In that case, can't we just say the square of the norm is going to just be $\lambda^{2} ||\vec{v}||^{2}$, which is just $\lambda^{2}$ times itself so the modulus of lambda has to be 1, and this gives us all of our results?

Yes need to be careful because $\lambda$ may be complex. The simplest approach is to consider $A$ as a unitary matrix with real coefficients.

 

[etotheipi]

Yes need to be careful because $\lambda$ may be complex. The simplest approach is to consider $A$ as a unitary matrix with real coefficients.

Yes, completely forgot about that part!

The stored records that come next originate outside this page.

Lemma cform_pw_const (tau1 tau2 : R) (lam : elem M -> mpol R d) :
  cform tau1 tau2 lam (pw_const c) = 0.
Proof.
rewrite /cform !big1 ?mulr0 ?addr0 // => T _; rewrite /intT Rintegral_eq0 ?mulr0 // => x.
- by rewrite big1 // => i _; rewrite big1 // => j _; rewrite ev_dpart2_pw_const mulr0.
- by rewrite big1 // => i _; rewrite ev_dpart_pw_const mulr0.
Qed.

Lemma bform_pw_const (a : elem M -> 'M[R]_d) (b : elem M -> vec R d)
    (v : wfun M) (G : elem M -> 'I_d -> mpol R d) :
  bform a b v G (pw_const c) =
  - \sum_T \sum_(e | onbd T e) intF e (fun x => ev (wn v T e) x * c T).
Proof.
rewrite /bform -sumrN; apply: eq_bigr => T _.
rewrite /intT Rintegral_eq0 ?sub0r => [|x]; last first.
  by rewrite big1 // => i _; rewrite ev_dpart_pw_const mulr0.
congr (- _); apply: eq_bigr => e _.
by apply: eq_Rintegral => x _; rewrite ev_pw_const.
Qed.

Lemma l2pair_pw_const (f : Pt R d -> R) :
  l2pair f (pw_const c) = \sum_T intT T (fun x => f x * c T).
Proof.
by apply: eq_bigr => T _; apply: eq_Rintegral => x _; rewrite ev_pw_const.
Qed.

End PiecewiseConstantTest.

Lemma pdwg_local_conservation (k l : nat) (a : elem M -> 'M[R]_d) (b : elem M -> vec R d)
    (tau1 tau2 : R) (f g1 g2 : Pt R d -> R) (u : wfun M) (lam : elem M -> mpol R d) :
  pdwg_solution k l a b tau1 tau2 f g1 g2 u lam ->
  forall T, - \sum_(e | onbd T e) intF e (ev (wn u T e)) = intT T f.
Proof.
move=> [_ _ _ _ [Gu [_ dual_eq]]] T.
have := dual_eq _ (pw_const_inMh (fun T' => (T' == T)%:R) k).
rewrite cform_pw_const oppr0 add0r bform_pw_const l2pair_pw_const.
rewrite (sum_eval_delta (G := fun T' r => \sum_(e | onbd T' e)
           intF e (fun x => ev (wn u T' e) x * r))); last first.
  by move=> T'; apply: big1 => e _; apply: Rintegral_eq0 => x; rewrite mulr0.
rewrite (sum_eval_delta (G := fun T' r => intT T' (fun x => f x * r))); last first.
  by move=> T'; apply: Rintegral_eq0 => x; rewrite mulr0.
rewrite /intT /intF; under eq_bigr do under eq_Rintegral do rewrite mulr1.
by under [X in _ = X -> _]eq_Rintegral do rewrite mulr1.
Qed.

End NumericalFlux.

Theorem theorem4p1 (R : realType) (d : nat) (M : mesh R d)
    (a : elem M -> 'M[R]_d) (b : elem M -> vec R d)
    (k l : nat) (tau1 tau2 : R) (f g1 g2 : Pt R d -> R)
    (u : wfun M) (lam : elem M -> mpol R d) :
  (d == 2%N) || (d == 3%N) ->
  mesh_ok M ->
  coef_ok a ->
  (1 <= k)%N -> (l == k.-1) || (l == k) ->
  0 <= tau1 -> 0 <= tau2 ->
  L2 M f ->
  pdwg_solution k l a b tau1 tau2 f g1 g2 u lam ->
  (forall (e : face M) (T1 T2 : elem M), interior_face e -> T1 != T2 ->
     onbd T1 e -> onbd T2 e ->
     forall x, fcset e x ->
       dot (Fh u T1 e x) (nrm T1 e) + dot (Fh u T2 e x) (nrm T2 e) = 0)
  /\
  (forall T : elem M,
     - \sum_(e | onbd T e) intF e (fun x => dot (Fh u T e x) (nrm T e))
     = intT T f).
Proof.
move=> _ meshM _ _ _ _ _ _ sol; have [uWh _ _ _ _] := sol.
split; first exact: Fh_normal_continuous meshM uWh.
move=> T; rewrite -(pdwg_local_conservation sol T).
have [_ _ _ _ unit_nrm] := meshM.
congr (- _); apply: eq_bigr => e Te; apply: eq_Rintegral => x _.
exact/Fh_dot_nrm/(unit_nrm _ _ Te).1.
Qed.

I should really write $||\vec{v}||^2 = ||A \vec{v}||^2 = ||\lambda \vec{v}||^2 = \lambda \lambda^* ||\vec{v}||^2 = |\lambda|^2 ||\vec{v}||^2$. Thanks for the help!

 

[vela]

Right so then we have 2 complex roots and 1 real root.

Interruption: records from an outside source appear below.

(* Let $G$ be a group acting on posets $P$ and $Q$ by order-preserving bijections, and let $\varphi:P\to Q$ be an order-preserving $G$-map (i.e. $\varphi(gx)=g\varphi(x)$ for all $g\in G$, $x\in P$). Let $R\subset Q$ be a subset containing exactly one representative of each $G$-orbit of $Q$. Assume that for each $r\in R$ we are given a $G_r$-equivariant acyclic matching $M_r$ on the subposet $\varphi^{-1}(r)$ (on which the stabilizer $G_r=\{g\in G\mid gr=r\}$ acts), and let $C_r$ denote the set of critical elements of $M_r$. Then there exists a $G$-equivariant acyclic matching on $P$ whose set of critical elements is \[\bigcup_{g\in G,\ r\in R} gC_r .\] Moreover, if $r\in R$ is such that $G_r$ acts transitively on $C_r$, then $G$ acts transitively on $\bigcup_{g\in G} gC_r$.
   Context: For a poset $P$, a partial matching is a set $M$ of pairs $(a,b)$ of elements of $P$ such that $b$ covers $a$ (i.e. $a<b$ and there is no $c$ with $a<c<b$), and each element of $P$ lies in at most one pair of $M$. It is acyclic if there is no cycle $b_1>a_1<b_2>a_2<\dots<b_t>a_t<b_1$ with $t\ge 2$, the $b_i$ pairwise distinct and $(a_i,b_i)\in M$ for all $i$. The critical elements of $M$ are the elements of $P$ contained in no pair of $M$. If a group $H$ acts on $P$, a matching $M$ is $H$-equivariant if $(a,b)\in M$ implies $(ha,hb)\in M$ for all $h\in H$. *)

From HB Require Import structures.
From mathcomp Require Import all_boot all_order.
Set Implicit Arguments. Unset Strict Implicit. Unset Printing Implicit Defensive.
Import Order.TTheory.
Local Open Scope order_scope.

Definition is_group (G : Type) (mul : G -> G -> G) (one : G) (inv : G -> G) : Prop :=
  [/\ forall a b c, mul a (mul b c) = mul (mul a b) c,
      forall a, mul one a = a &
      forall a, mul (inv a) a = one].

Definition is_action (G X : Type) (mul : G -> G -> G) (one : G) (act : G -> X -> X) : Prop :=
  (forall x, act one x = x) /\ (forall g h x, act (mul g h) x = act g (act h x)).

(* Each g acts by an order-preserving map (it is then automatically an
   order-preserving bijection, with inverse act (inv g)). *)
Definition order_preserving_action (G : Type) (d : Order.disp_t) (X : porderType d)
  (act : G -> X -> X) : Prop :=
  forall g (x y : X), x <= y -> act g x <= act g y.

Definition covers_in (d : Order.disp_t) (P : porderType d) (S : P -> Prop) (a b : P) : Prop :=
  [/\ S a, S b, a < b & ~ (exists c, [/\ S c, a < c & c < b])].

Definition matching_on (d : Order.disp_t) (P : porderType d) (S : P -> Prop)
  (M : P -> P -> Prop) : Prop :=
  (forall a b, M a b -> covers_in S a b) /\
  (forall a b a' b', M a b -> M a' b' ->
     (a = a' \/ a = b' \/ b = a' \/ b = b') -> a = a' /\ b = b').

(* No cycle b_1 > a_1 < b_2 > a_2 < ... < b_t > a_t < b_1 with t >= 2,
   the b_i pairwise distinct and (a_i, b_i) in M (indices taken mod t,
   starting at 0). *)
Definition acyclic (d : Order.disp_t) (P : porderType d) (M : P -> P -> Prop) : Prop :=
  ~ (exists (t : nat) (a b : nat -> P),
       [/\ (2 <= t)%N,
           forall i, (i < t)%N -> M (a i) (b i),
           forall i, (i < t)%N -> a i < b ((i.+1) %% t) &
           forall i j, (i < t)%N -> (j < t)%N -> b i = b j -> i = j]).

Definition acyclic_matching_on (d : Order.disp_t) (P : porderType d) (S : P -> Prop)
  (M : P -> P -> Prop) : Prop :=
  matching_on S M /\ acyclic M.

Definition critical (d : Order.disp_t) (P : porderType d) (S : P -> Prop)
  (M : P -> P -> Prop) (x : P) : Prop :=
  S x /\ ~ (exists y, M x y \/ M y x).

Definition equivariant (G X : Type) (act : G -> X -> X) (H : G -> Prop)
  (M : X -> X -> Prop) : Prop :=
  forall h a b, H h -> M a b -> M (act h a) (act h b).

(** The matching on P is obtained by spreading the fiber matchings over the
    G-orbits: (a, b) is matched iff some g translates it into a pair of some
    M_r.  Since every matched pair lies in a single fiber of phi and phi is
    monotone, every cycle of the induced matching stays inside one fiber; a
    translate of it is then a cycle of the corresponding M_r.  Covering
    relations are checked in the fiber: anything strictly between two
    elements of a fiber lies in the same fiber. *)

From HB Require Import structures.
From mathcomp Require Import all_boot all_order.
Import Order.TTheory.
Local Open Scope order_scope.

Set Implicit Arguments.
Unset Strict Implicit.

Section GroupAction.

Variables (G : Type) (mul : G -> G -> G) (one : G) (inv : G -> G).
Hypothesis HG : is_group mul one inv.

Lemma mulgV (g : G) : mul g (inv g) = one.
Proof.
case: HG => mulA mul1g mulVg.
rewrite -[mul g (inv g)]mul1g -{1}(mulVg (inv g)) -mulA.
by rewrite (mulA (inv g) g (inv g)) mulVg mul1g mulVg.
Qed.

Variables (X : Type) (act : G -> X -> X).
Hypothesis Hact : is_action mul one act.

Lemma actK (g : G) : cancel (act g) (act (inv g)).
Proof.
by case: HG => _ _ mulVg; case: Hact => act1 actM x; rewrite -actM mulVg act1.
Qed.

Lemma actKV (g : G) : cancel (act (inv g)) (act g).
Proof. by case: Hact => act1 actM x; rewrite -actM mulgV act1. Qed.

Lemma act_inj (g : G) : injective (act g).
Proof. exact: can_inj (actK g). Qed.

Lemma orbit_transitive (C : X -> Prop) :
  (forall c c', C c -> C c' -> exists g, act g c = c') ->
  forall x y,
    (exists g c, C c /\ x = act g c) -> (exists g c, C c /\ y = act g c) ->
    exists g, act g x = y.
Proof.
case: Hact => _ actM Htr x y [g1 [c1 [Cc1 ->]]] [g2 [c2 [Cc2 ->]]].
have [h <-] := Htr c1 c2 Cc1 Cc2.
by exists (mul g2 (mul h (inv g1))); rewrite !actM actK.
Qed.

End GroupAction.

Lemma act_lt (G : Type) (mul : G -> G -> G) (one : G) (inv : G -> G)
    (d : Order.disp_t) (X : porderType d) (act : G -> X -> X) :
  is_group mul one inv -> is_action mul one act -> order_preserving_action act ->
  forall g (x y : X), x < y -> act g x < act g y.
Proof.
move=> HG Hact Hmono g x y; rewrite !lt_neqAle => /andP[neq_xy le_xy].
rewrite Hmono // andbT; apply: contra neq_xy.
by move=> /eqP/(act_inj HG Hact) ->.
Qed.

Lemma cyclic_chain_const (d : Order.disp_t) (T : porderType d) (t : nat)
    (f : nat -> T) :
  (0 < t)%N -> (forall i, (i < t)%N -> f i <= f (i.+1 %% t)) ->
  forall i, (i < t)%N -> f i = f 0.
Proof.
move=> t_gt0 step.
have chain j : (j < t)%N -> forall i, (i <= j)%N -> f i <= f j.
  elim: j => [|j IHj] lt_jt i.
    by rewrite leqn0 => /eqP ->.
  rewrite leq_eqVlt ltnS => /orP[/eqP -> //| le_ij].
  apply: le_trans (IHj (ltnW lt_jt) i le_ij) _.
  by have := step j (ltnW lt_jt); rewrite modn_small.
have lt_last : (t.-1 < t)%N by rewrite prednK.
move=> i lt_it; apply/le_anti; rewrite (chain i lt_it 0) // andbT.
apply: le_trans (chain t.-1 lt_last i _) _; first by rewrite -ltnS prednK.
by have := step t.-1 lt_last; rewrite prednK // modnn.
Qed.

Section InducedMatching.

Variables (G : Type) (mul : G -> G -> G) (one : G) (inv : G -> G).
Hypothesis HG : is_group mul one inv.
Variables (dP dQ : Order.disp_t) (P : porderType dP) (Q : porderType dQ).
Variables (actP : G -> P -> P) (actQ : G -> Q -> Q).
Hypotheses (HaP : is_action mul one actP) (HaQ : is_action mul one actQ).
Hypothesis HoP : order_preserving_action actP.
Variable phi : P -> Q.
Hypothesis Hphi_mono : forall x y : P, x <= y -> phi x <= phi y.
Hypothesis Hphi_equiv : forall g (x : P), phi (actP g x) = actQ g (phi x).
Variable R : Q -> Prop.
Hypothesis HR_exists : forall q : Q, exists r, R r /\ exists g, actQ g r = q.
Hypothesis HR_unique :
  forall r r' : Q, R r -> R r' -> (exists g, actQ g r = r') -> r = r'.
Variable M : Q -> P -> P -> Prop.
Hypothesis HM : forall r, R r ->
  acyclic_matching_on (fun x => phi x = r) (M r) /\
  equivariant actP (fun g => actQ g r = r) (M r).

Definition induced_matching (a b : P) : Prop :=
  exists g r a' b', [/\ R r, M r a' b', a = actP g a' & b = actP g b'].

Lemma fiber_matching_covers r a b :
  R r -> M r a b -> covers_in (fun x => phi x = r) a b.
Proof. by move=> Rr; have [[[Mcov _] _] _] := HM Rr; apply: Mcov. Qed.

Lemma induced_matching_fiber a b : induced_matching a b -> phi a = phi b.
Proof.
move=> [g [r [a' [b' [Rr Mab -> ->]]]]].
by have [phi_a' phi_b' _ _] := fiber_matching_covers Rr Mab;
  rewrite !Hphi_equiv phi_a' phi_b'.
Qed.

(* The representative r of the orbit of phi a is unique, so the pair
   translated by inv g lies in M r itself, not merely in a translate. *)
Lemma induced_matching_translate a b r g :
  induced_matching a b -> R r -> actQ g r = phi a ->
  M r (actP (inv g) a) (actP (inv g) b).
Proof.
have [[_ actPM] [_ actQM]] := (HaP, HaQ).
move=> [g' [r' [a' [b' [Rr' Mab -> ->]]]]] Rr Hg.
have [phi_a' _ _ _] := fiber_matching_covers Rr' Mab.
rewrite Hphi_equiv phi_a' in Hg.
have stab : actQ (mul (inv g) g') r' = r by rewrite actQM -Hg (actK HG HaQ).
have er : r' = r by apply: HR_unique => //; exists (mul (inv g) g').
rewrite er in stab Mab; have := (HM Rr).2 _ a' b' stab Mab.
by rewrite !actPM.
Qed.

Lemma induced_matching_covers a b :
  induced_matching a b -> covers_in (fun _ => True) a b.
Proof.
move=> Mab; have [r [Rr [g Hg]]] := HR_exists (phi a).
have [_ _ lt_ab nothing_between] :=
  fiber_matching_covers Rr (induced_matching_translate Mab Rr Hg).
have lt_act := act_lt HG HaP HoP.
split => //; first by rewrite -(actKV HG HaP g a) -(actKV HG HaP g b) lt_act.
move=> [c [_ lt_ac lt_cb]]; apply: nothing_between.
exists (actP (inv g) c); split; last 2 first; [exact: lt_act | exact: lt_act |].
have phi_c : phi c = phi a.
  apply/le_anti; rewrite (Hphi_mono (ltW lt_ac)) andbT (induced_matching_fiber Mab).
  exact: Hphi_mono (ltW lt_cb).
by rewrite Hphi_equiv phi_c -Hg (actK HG HaQ).
Qed.

Lemma induced_matching_unique a b a' b' :
  induced_matching a b -> induced_matching a' b' ->
  (a = a' \/ a = b' \/ b = a' \/ b = b') -> a = a' /\ b = b'.
Proof.
move=> Mab Mab' overlap.
have e : phi a' = phi a.
  have := induced_matching_fiber Mab; have := induced_matching_fiber Mab'.
  by case: overlap => [e|[e|[e|e]]]; congruence.
have [r [Rr [g Hg]]] := HR_exists (phi a).
have M1 := induced_matching_translate Mab Rr Hg.
have M2 := induced_matching_translate Mab' Rr (etrans Hg (esym e)).
have [[_ fiber_unique] _] := (HM Rr).1.
have [e1 e2] :
    actP (inv g) a = actP (inv g) a' /\ actP (inv g) b = actP (inv g) b'.
  by apply: fiber_unique M1 M2 _; case: overlap => [->|[->|[->|->]]]; tauto.
by split; [exact: (act_inj HG HaP e1) | exact: (act_inj HG HaP e2)].
Qed.

Lemma induced_matching_acyclic : acyclic induced_matching.
Proof.
move=> [t [a [b [t_ge2 Mab lt_ab dist_b]]]].
have t_gt0 : (0 < t)%N by apply: leq_trans t_ge2.
have fiber_a : forall i, (i < t)%N -> phi (a i) = phi (a 0).
  apply: (@cyclic_chain_const _ _ t (fun i => phi (a i)) t_gt0) => j lt_jt.
  rewrite (induced_matching_fiber (Mab _ (ltn_pmod _ t_gt0))).
  exact: Hphi_mono (ltW (lt_ab j lt_jt)).
have [r [Rr [g Hg]]] := HR_exists (phi (a 0)).
apply: (HM Rr).1.2.
exists t, (fun i => actP (inv g) (a i)), (fun i => actP (inv g) (b i)).
split => // [i lt_it|i lt_it|i j lt_it lt_jt].
- by apply: induced_matching_translate => //; [apply: Mab | rewrite fiber_a].
- exact: (act_lt HG HaP HoP (inv g) (lt_ab i lt_it)).
- by move/(act_inj HG HaP); apply: dist_b.
Qed.

Lemma induced_matching_equivariant :
  equivariant actP (fun _ => True) induced_matching.
Proof.
case: HaP => _ actPM h a b _ [g [r [a' [b' [Rr Mab -> ->]]]]].
by exists (mul h g), r, a', b'; split; rewrite ?actPM.
Qed.

Lemma critical_induced_matching x :
  critical (fun _ => True) induced_matching x <->
  exists g r c, [/\ R r, critical (fun y => phi y = r) (M r) c & x = actP g c].
Proof.
split.
  move=> [_ x_free]; have [r [Rr [g Hg]]] := HR_exists (phi x).
  exists g, r, (actP (inv g) x); split; [done| |by rewrite (actKV HG HaP)].
  split; first by rewrite Hphi_equiv -Hg (actK HG HaQ).
  move=> [y [My|My]]; apply: x_free; exists (actP g y); [left | right].
  - by exists g, r, (actP (inv g) x), y; split; rewrite ?(actKV HG HaP).
  - by exists g, r, y, (actP (inv g) x); split; rewrite ?(actKV HG HaP).
move=> [g [r [c [Rr [phi_c c_free] ->]]]]; split => //.
have Hg : actQ g r = phi (actP g c) by rewrite Hphi_equiv phi_c.
move=> [y [My|My]]; apply: c_free; exists (actP (inv g) y); [left | right].
- by have := induced_matching_translate My Rr Hg; rewrite (actK HG HaP).
- have := induced_matching_translate My Rr
    (etrans Hg (esym (induced_matching_fiber My))).
  by rewrite (actK HG HaP).
Qed.

End InducedMatching.

Theorem proposition6
  (G : Type) (mul : G -> G -> G) (one : G) (inv : G -> G)
  (HG : is_group mul one inv)
  (dP dQ : Order.disp_t) (P : porderType dP) (Q : porderType dQ)
  (actP : G -> P -> P) (actQ : G -> Q -> Q)
  (HaP : is_action mul one actP) (HaQ : is_action mul one actQ)
  (HoP : order_preserving_action actP) (HoQ : order_preserving_action actQ)
  (phi : P -> Q)
  (Hphi_mono : forall x y : P, x <= y -> phi x <= phi y)
  (Hphi_equiv : forall g (x : P), phi (actP g x) = actQ g (phi x))
  (R : Q -> Prop)
  (HR_exists : forall q : Q, exists r, R r /\ exists g, actQ g r = q)
  (HR_unique : forall r r' : Q, R r -> R r' -> (exists g, actQ g r = r') -> r = r')
  (M : Q -> P -> P -> Prop)
  (HM : forall r, R r ->
     acyclic_matching_on (fun x => phi x = r) (M r) /\
     equivariant actP (fun g => actQ g r = r) (M r)) :
  (exists MP : P -> P -> Prop,
     [/\ acyclic_matching_on (fun _ => True) MP,
         equivariant actP (fun _ => True) MP &
         forall x : P,
           critical (fun _ => True) MP x <->
           exists g r c, [/\ R r, critical (fun y => phi y = r) (M r) c & x = actP g c]])
  /\
  (forall r, R r ->
     (forall c c', critical (fun y => phi y = r) (M r) c ->
                   critical (fun y => phi y = r) (M r) c' ->
                   exists g, actQ g r = r /\ actP g c = c') ->
     forall x y,
       (exists g c, critical (fun z => phi z = r) (M r) c /\ x = actP g c) ->
       (exists g c, critical (fun z => phi z = r) (M r) c /\ y = actP g c) ->
       exists g, actP g x = y).
Proof.
split.
  exists (induced_matching actP R M); split.
  - split; first split.
    + exact: (induced_matching_covers HG HaP HaQ HoP Hphi_mono Hphi_equiv
        HR_exists HR_unique HM).
    + exact: (induced_matching_unique HG HaP HaQ Hphi_equiv HR_exists HR_unique HM).
    + exact: (induced_matching_acyclic HG HaP HaQ HoP Hphi_mono Hphi_equiv
        HR_exists HR_unique HM).
  - exact: (induced_matching_equivariant HaP).
  - exact: (critical_induced_matching HG HaP HaQ Hphi_equiv HR_exists HR_unique HM).
move=> r _ Htr; apply: (orbit_transitive HG HaP) => c c' Cc Cc'.
by have [g [_ <-]] := Htr c c' Cc Cc'; exists g.
Qed.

How did you conclude that two of the roots are complex? A cubic could have three real roots.

 

[etotheipi]

How did you conclude that two of the roots are complex? A cubic could have three real roots.

I suppose you're right, I just assumed from how the question was phrased that there were only two possibilities for real roots ($1$ and $-1$), and this indeed turned out to be the case since there are only two re`als with modulus 1.

But the point stands, I should have been more careful at that stage .

 

[PeroK]

I suppose you're right, I just assumed from how the question was phrased that there were only two possibilities for real roots ($1$ and $-1$), and this indeed turned out to be the case since there are only two re`als with modulus 1.

But the point stands, I should have been more careful at that stage .

There are the degenerate cases where $\lambda = \pm 1$ only. Although these do meet the criteria in each case.

 

[etotheipi]

There are the degenerate cases where $\lambda = \pm 1$ only.

Oh, do you mean if we got something like $\alpha = \pi$ or $\alpha = 0$ so that we would indeed have three real roots, which might be $(\lambda_1, \lambda_2, \lambda_3) = (1,1,1), (1,1,-1), (1,-1,-1), (-1,-1,-1)$. Hadn't thought of that either!

 

[PeroK]

Oh, do you mean if we got something like $\alpha = \pi$ or $\alpha = 0$ so that we would indeed have three real roots, which might be $(\lambda_1, \lambda_2, \lambda_3) = (1,1,1), (1,1,-1), (1,-1,-1), (-1,-1,-1)$. Hadn't thought of that either!

I didn't think of the degenerate cases, but yes you can make it work like that for those as well.

 

[StoneTemplePython]

There are the degenerate cases where $\lambda = \pm 1$ only. Although these do meet the criteria in each case.

These occur iff the real orthogonal matrix is symmetric. I don't really view involutions as "degenerate" though. In fact involutions are quite nice.